• **WHAT YOU HAVE TO DO**: From the entries below, retype only the lines from the one with "End InjectiveSelection." through the one with "move=> uinf.", exactly as written.

* * * * *

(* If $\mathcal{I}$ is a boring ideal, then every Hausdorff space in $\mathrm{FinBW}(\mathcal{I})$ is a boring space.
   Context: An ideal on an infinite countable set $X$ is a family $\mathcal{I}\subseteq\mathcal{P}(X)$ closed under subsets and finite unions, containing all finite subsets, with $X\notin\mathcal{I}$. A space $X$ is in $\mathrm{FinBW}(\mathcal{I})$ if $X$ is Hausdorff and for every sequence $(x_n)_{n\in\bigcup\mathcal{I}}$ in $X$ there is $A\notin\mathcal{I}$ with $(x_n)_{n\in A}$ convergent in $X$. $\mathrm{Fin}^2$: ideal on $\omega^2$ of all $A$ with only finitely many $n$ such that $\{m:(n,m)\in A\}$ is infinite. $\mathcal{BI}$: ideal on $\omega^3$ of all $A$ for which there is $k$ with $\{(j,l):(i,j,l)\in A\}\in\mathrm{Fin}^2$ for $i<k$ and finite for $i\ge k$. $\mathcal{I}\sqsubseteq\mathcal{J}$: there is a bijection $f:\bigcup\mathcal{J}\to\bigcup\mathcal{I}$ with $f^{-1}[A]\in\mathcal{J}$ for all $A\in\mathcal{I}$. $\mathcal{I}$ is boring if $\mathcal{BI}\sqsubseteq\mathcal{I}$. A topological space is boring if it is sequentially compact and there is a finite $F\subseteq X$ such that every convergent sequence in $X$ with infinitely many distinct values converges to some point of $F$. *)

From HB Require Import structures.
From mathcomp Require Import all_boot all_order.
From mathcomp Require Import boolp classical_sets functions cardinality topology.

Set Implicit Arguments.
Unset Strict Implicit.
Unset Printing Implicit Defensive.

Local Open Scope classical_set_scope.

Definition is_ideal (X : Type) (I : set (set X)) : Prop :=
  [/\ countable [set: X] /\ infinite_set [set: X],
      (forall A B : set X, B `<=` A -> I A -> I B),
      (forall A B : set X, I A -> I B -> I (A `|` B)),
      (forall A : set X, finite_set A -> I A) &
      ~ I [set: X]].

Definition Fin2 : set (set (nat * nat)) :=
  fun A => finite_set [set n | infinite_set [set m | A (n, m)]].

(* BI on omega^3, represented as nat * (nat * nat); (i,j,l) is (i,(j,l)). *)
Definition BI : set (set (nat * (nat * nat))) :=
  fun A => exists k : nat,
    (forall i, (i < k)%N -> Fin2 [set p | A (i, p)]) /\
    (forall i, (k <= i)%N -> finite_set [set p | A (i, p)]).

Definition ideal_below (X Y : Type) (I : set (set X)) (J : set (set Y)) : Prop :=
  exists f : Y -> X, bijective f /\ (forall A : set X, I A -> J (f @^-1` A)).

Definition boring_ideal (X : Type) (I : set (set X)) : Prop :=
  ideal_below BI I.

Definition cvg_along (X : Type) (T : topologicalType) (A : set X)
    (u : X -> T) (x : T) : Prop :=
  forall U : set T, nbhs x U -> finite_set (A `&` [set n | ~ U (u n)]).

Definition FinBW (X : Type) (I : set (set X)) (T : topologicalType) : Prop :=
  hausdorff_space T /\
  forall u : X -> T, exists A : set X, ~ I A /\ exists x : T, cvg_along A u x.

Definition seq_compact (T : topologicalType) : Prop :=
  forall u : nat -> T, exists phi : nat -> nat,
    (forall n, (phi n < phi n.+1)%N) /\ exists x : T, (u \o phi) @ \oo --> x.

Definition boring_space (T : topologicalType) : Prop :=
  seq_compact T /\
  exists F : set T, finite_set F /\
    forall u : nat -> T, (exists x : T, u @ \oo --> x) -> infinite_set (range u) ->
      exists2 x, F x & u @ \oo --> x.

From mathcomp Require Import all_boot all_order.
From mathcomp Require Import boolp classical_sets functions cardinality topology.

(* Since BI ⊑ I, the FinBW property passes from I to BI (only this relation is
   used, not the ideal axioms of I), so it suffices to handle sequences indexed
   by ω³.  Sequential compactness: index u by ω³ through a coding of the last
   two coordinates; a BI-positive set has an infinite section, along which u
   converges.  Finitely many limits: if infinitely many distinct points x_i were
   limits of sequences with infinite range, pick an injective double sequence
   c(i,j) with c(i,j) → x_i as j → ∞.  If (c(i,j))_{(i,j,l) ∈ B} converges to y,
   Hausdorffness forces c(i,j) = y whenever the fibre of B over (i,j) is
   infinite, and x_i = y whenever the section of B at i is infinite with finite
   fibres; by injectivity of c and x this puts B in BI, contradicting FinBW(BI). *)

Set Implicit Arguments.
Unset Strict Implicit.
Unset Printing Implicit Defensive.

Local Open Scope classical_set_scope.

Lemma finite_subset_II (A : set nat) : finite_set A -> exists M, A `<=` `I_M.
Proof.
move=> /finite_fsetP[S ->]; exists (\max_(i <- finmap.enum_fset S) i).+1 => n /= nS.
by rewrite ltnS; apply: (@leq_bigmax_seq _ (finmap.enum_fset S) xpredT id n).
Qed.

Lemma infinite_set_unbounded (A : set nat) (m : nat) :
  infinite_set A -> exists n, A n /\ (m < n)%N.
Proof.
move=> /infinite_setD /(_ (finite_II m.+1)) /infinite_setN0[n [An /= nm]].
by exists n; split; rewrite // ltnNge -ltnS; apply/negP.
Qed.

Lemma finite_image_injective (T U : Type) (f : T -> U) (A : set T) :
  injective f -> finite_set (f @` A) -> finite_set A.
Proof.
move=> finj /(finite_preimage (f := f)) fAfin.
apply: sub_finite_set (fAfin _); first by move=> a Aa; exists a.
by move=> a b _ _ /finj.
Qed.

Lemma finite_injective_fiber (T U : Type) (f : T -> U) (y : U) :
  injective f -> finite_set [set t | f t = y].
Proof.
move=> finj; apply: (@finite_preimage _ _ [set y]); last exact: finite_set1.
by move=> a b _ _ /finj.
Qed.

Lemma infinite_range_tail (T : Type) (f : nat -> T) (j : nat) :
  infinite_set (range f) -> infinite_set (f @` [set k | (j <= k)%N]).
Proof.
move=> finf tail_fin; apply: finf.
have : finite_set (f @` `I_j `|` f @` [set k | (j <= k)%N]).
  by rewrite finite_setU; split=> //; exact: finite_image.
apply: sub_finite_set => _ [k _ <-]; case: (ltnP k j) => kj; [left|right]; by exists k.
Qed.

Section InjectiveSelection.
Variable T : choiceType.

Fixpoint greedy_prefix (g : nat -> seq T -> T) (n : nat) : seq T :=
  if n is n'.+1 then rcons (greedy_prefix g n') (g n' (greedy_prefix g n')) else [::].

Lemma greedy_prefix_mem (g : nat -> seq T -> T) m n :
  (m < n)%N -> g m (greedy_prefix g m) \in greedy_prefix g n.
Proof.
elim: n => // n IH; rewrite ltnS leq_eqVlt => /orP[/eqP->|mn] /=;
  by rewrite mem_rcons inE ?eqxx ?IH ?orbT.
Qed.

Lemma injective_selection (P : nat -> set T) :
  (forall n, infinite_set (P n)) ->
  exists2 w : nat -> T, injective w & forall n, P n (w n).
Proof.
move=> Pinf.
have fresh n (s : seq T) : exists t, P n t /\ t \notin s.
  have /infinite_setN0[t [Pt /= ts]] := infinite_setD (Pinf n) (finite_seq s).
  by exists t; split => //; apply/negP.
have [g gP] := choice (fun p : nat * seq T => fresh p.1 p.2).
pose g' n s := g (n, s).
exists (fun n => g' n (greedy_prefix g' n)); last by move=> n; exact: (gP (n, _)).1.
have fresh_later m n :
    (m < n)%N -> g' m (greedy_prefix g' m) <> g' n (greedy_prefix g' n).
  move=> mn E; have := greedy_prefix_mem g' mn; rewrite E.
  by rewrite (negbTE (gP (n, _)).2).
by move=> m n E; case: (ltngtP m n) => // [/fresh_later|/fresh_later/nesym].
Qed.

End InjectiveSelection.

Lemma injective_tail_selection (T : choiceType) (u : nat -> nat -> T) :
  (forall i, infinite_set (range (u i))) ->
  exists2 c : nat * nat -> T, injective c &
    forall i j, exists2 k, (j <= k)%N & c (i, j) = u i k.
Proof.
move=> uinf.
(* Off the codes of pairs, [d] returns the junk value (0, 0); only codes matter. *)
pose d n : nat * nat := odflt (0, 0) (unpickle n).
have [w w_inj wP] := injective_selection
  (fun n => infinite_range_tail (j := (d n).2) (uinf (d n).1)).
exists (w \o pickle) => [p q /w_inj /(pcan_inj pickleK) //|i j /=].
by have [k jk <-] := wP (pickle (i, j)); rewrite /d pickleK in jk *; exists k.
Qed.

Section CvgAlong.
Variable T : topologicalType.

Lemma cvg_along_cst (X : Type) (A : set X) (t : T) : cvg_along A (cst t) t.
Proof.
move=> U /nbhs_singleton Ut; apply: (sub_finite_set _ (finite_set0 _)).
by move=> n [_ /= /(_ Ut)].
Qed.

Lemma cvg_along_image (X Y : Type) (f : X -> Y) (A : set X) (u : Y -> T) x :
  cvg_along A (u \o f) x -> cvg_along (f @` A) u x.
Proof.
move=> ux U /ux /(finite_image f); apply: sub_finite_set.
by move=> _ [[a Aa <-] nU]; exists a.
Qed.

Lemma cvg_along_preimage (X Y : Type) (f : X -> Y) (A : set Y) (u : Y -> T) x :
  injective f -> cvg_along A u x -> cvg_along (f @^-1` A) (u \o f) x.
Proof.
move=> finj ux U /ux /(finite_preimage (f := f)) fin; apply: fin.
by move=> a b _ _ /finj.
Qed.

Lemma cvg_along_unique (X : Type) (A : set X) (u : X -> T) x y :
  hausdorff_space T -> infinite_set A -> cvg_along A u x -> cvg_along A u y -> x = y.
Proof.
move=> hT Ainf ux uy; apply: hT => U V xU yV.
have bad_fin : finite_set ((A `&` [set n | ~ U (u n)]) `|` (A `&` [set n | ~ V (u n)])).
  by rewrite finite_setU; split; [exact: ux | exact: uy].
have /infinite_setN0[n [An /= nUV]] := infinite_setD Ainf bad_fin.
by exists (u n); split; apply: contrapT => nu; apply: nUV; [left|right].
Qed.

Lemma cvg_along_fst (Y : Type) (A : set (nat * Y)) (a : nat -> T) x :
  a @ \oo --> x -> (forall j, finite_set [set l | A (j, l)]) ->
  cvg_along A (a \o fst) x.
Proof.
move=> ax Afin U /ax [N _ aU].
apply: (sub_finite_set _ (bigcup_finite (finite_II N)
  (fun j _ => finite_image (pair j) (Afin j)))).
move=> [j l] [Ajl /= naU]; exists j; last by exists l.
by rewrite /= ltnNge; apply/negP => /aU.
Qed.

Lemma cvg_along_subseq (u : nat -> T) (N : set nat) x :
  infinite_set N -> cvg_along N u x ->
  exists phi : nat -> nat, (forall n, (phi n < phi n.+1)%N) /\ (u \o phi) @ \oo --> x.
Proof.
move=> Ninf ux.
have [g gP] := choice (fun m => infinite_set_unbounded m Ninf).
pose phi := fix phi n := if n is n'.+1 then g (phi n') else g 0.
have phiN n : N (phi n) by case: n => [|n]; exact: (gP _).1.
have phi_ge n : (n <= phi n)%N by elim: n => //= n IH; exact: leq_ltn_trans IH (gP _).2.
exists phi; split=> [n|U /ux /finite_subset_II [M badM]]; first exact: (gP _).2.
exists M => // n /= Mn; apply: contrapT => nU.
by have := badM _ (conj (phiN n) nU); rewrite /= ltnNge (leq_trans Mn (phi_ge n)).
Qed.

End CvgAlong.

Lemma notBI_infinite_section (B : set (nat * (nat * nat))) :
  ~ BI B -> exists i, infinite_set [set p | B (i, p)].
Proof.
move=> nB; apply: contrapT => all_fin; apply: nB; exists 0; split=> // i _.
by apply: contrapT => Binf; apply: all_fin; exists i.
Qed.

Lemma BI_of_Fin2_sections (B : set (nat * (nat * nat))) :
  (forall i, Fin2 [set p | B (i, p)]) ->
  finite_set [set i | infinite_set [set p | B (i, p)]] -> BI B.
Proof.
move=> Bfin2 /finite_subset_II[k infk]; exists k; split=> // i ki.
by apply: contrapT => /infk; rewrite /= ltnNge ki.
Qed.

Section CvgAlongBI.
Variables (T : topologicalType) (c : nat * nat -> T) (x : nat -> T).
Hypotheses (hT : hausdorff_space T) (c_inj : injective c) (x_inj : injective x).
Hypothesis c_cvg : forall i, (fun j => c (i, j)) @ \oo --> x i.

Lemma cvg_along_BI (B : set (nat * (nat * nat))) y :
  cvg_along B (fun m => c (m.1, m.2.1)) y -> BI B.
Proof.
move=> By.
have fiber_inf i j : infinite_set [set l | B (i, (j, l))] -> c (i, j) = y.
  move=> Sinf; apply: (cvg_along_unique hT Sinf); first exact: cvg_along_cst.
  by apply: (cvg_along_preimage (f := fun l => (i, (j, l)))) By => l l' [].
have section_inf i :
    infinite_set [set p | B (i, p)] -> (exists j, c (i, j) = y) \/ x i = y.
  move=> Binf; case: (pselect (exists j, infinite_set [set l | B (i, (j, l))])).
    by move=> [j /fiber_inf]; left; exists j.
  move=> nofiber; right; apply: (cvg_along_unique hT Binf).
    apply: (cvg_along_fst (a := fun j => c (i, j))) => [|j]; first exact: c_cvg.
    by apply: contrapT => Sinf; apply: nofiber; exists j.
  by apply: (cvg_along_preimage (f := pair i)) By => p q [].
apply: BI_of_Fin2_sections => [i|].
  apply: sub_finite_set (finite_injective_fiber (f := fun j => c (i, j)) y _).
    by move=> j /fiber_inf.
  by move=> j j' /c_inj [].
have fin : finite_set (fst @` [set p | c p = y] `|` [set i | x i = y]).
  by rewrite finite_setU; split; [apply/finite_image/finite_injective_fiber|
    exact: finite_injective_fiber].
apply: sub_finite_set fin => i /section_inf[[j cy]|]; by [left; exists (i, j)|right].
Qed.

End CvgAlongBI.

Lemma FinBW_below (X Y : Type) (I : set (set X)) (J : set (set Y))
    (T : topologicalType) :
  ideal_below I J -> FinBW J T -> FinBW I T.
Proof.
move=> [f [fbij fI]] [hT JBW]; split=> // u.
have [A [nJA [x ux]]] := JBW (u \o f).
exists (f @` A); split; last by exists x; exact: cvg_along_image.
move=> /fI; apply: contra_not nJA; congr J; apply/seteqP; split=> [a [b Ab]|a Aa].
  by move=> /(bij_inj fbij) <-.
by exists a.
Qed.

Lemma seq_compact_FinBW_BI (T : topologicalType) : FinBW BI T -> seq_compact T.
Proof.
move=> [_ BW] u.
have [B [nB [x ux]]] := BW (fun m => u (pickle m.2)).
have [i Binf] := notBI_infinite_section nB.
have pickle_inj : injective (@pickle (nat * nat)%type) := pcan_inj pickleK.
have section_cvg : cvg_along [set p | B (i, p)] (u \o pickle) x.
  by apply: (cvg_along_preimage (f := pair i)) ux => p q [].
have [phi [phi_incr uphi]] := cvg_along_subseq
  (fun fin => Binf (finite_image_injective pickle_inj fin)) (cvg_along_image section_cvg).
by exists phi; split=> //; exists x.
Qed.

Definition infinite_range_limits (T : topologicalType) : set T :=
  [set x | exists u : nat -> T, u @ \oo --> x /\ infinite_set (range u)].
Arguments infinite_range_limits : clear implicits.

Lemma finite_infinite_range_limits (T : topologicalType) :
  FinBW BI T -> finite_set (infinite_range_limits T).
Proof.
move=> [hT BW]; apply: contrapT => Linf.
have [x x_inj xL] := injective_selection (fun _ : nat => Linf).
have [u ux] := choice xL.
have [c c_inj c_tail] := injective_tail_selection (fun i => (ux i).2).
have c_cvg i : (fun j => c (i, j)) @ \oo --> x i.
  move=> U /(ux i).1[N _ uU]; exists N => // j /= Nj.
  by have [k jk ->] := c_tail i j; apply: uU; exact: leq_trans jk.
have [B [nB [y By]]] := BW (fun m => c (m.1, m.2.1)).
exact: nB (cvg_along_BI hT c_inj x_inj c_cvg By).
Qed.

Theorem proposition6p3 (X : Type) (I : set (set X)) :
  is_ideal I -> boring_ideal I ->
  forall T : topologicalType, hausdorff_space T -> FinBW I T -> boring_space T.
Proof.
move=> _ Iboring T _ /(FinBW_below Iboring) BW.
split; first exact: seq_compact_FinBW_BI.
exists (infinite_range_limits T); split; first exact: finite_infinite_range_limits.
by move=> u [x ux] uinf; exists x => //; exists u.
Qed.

* * * * *

• **YOUR SOLUTION**:
End InjectiveSelection.

Lemma injective_tail_selection (T : choiceType) (u : nat -> nat -> T) :
  (forall i, infinite_set (range (u i))) ->
  exists2 c : nat * nat -> T, injective c &
    forall i j, exists2 k, (j <= k)%N & c (i, j) = u i k.
Proof.
move=> uinf.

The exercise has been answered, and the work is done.